Your instructions ▸ Every line below between the line holding "move=> [K [[_ finM] [F [G [[eta] _]]]]]." and the line holding "by rewrite eFxy; constructor; exact: idm.", inclusive, should be repeated exactly, and all other lines omitted.

Records for this exercise ▸
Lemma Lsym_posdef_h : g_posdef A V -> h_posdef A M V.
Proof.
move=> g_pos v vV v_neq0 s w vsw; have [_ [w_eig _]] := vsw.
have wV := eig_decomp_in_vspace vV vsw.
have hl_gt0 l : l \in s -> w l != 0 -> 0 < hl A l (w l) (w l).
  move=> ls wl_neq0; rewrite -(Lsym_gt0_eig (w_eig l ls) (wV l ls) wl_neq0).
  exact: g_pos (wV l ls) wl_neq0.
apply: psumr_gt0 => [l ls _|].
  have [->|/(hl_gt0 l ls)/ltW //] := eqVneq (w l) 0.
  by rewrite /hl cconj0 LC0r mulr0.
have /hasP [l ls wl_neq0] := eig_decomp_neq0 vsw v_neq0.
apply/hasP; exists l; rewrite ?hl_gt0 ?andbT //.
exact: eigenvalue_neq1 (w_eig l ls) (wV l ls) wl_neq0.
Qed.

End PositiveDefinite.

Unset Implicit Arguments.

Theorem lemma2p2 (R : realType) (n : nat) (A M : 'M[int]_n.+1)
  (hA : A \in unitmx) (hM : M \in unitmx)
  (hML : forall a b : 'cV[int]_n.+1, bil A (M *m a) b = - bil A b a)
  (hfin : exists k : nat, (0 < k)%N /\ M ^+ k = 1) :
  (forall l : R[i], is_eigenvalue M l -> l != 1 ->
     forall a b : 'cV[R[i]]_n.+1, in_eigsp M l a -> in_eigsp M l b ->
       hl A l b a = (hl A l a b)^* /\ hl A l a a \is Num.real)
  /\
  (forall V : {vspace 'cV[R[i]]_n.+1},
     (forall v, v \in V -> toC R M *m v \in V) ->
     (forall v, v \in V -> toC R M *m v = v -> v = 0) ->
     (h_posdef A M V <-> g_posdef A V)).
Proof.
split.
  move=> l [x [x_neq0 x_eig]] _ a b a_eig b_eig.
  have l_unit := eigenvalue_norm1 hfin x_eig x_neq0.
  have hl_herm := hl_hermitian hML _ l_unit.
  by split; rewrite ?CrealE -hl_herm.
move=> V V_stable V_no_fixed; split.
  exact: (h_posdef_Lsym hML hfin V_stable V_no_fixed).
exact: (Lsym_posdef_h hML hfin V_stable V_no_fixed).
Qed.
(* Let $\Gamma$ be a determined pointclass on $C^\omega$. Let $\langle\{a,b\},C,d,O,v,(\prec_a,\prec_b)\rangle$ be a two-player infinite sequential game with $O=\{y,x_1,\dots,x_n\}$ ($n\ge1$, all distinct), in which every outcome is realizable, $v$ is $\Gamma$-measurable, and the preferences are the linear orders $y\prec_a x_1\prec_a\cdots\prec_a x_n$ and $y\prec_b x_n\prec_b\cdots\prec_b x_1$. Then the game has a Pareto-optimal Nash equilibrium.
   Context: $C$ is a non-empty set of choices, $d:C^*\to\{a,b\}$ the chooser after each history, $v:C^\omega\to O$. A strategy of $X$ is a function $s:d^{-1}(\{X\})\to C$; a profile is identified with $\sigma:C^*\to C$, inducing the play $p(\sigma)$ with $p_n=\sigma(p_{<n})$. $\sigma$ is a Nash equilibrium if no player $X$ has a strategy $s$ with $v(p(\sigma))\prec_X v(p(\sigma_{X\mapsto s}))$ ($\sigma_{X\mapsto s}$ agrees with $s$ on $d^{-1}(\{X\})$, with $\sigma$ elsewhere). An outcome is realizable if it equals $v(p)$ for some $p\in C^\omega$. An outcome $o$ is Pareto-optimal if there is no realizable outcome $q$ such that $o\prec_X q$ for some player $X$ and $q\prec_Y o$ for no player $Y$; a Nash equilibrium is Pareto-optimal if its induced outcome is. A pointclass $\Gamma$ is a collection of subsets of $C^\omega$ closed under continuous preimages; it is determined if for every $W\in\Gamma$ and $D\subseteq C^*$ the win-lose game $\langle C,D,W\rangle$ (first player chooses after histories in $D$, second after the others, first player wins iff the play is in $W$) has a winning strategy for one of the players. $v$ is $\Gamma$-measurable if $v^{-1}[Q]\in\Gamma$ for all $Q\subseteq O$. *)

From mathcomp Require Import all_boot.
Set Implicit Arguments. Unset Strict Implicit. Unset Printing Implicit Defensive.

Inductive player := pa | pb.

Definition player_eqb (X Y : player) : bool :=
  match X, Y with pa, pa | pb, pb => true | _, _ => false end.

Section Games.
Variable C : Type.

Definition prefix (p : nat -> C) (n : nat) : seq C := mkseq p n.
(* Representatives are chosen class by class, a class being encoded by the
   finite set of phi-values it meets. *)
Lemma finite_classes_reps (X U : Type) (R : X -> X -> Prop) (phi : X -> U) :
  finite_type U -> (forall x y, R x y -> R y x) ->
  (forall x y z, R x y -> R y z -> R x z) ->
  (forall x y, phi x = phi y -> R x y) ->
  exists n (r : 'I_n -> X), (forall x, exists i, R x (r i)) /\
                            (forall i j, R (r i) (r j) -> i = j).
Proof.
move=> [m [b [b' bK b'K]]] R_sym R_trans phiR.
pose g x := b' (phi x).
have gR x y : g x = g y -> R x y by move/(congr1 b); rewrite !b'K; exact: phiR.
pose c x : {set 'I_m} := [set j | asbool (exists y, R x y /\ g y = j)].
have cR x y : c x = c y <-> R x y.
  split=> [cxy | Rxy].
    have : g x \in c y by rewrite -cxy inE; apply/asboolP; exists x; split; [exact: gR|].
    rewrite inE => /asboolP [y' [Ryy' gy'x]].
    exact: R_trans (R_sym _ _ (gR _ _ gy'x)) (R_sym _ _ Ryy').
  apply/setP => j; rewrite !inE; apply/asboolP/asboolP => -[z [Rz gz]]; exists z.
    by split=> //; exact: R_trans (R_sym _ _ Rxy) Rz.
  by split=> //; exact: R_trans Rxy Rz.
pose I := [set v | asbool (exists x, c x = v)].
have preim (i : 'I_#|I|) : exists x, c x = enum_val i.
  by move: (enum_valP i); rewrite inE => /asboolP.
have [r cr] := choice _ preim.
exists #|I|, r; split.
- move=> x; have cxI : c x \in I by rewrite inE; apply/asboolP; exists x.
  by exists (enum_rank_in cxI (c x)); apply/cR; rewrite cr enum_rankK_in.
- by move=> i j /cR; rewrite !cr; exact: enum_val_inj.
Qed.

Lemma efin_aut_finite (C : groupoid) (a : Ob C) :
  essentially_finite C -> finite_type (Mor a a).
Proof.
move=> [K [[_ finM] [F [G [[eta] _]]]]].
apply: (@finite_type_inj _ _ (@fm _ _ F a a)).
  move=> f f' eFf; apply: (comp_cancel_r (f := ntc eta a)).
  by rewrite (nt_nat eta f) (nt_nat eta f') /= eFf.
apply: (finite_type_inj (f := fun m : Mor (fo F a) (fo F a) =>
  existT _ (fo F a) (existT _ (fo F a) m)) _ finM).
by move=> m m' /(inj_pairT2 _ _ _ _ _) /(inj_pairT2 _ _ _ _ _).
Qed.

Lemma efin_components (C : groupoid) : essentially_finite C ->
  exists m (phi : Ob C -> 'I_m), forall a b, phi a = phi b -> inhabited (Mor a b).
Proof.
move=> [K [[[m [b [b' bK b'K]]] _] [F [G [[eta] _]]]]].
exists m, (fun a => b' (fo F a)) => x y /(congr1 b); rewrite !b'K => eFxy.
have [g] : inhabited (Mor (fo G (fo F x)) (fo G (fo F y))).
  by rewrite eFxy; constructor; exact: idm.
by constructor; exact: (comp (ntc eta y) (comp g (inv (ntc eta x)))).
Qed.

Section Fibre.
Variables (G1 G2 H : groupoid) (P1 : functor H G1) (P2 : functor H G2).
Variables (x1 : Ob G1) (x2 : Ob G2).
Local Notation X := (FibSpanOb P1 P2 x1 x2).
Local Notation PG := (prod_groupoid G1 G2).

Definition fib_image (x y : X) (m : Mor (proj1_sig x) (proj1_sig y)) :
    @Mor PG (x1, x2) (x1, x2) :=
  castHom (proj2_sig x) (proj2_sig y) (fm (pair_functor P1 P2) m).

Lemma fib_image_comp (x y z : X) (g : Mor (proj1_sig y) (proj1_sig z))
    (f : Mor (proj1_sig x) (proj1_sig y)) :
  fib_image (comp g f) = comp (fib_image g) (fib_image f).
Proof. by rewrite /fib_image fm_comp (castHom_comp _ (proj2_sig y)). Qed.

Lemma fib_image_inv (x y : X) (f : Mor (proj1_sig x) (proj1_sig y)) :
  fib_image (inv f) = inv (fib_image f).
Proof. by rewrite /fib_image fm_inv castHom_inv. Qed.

Response to this exercise ▸
move=> [K [[_ finM] [F [G [[eta] _]]]]].
apply: (@finite_type_inj _ _ (@fm _ _ F a a)).
  move=> f f' eFf; apply: (comp_cancel_r (f := ntc eta a)).
  by rewrite (nt_nat eta f) (nt_nat eta f') /= eFf.
apply: (finite_type_inj (f := fun m : Mor (fo F a) (fo F a) =>
  existT _ (fo F a) (existT _ (fo F a) m)) _ finM).
by move=> m m' /(inj_pairT2 _ _ _ _ _) /(inj_pairT2 _ _ _ _ _).
Qed.

Lemma efin_components (C : groupoid) : essentially_finite C ->
  exists m (phi : Ob C -> 'I_m), forall a b, phi a = phi b -> inhabited (Mor a b).
Proof.
move=> [K [[[m [b [b' bK b'K]]] _] [F [G [[eta] _]]]]].
exists m, (fun a => b' (fo F a)) => x y /(congr1 b); rewrite !b'K => eFxy.
have [g] : inhabited (Mor (fo G (fo F x)) (fo G (fo F y))).
  by rewrite eFxy; constructor; exact: idm.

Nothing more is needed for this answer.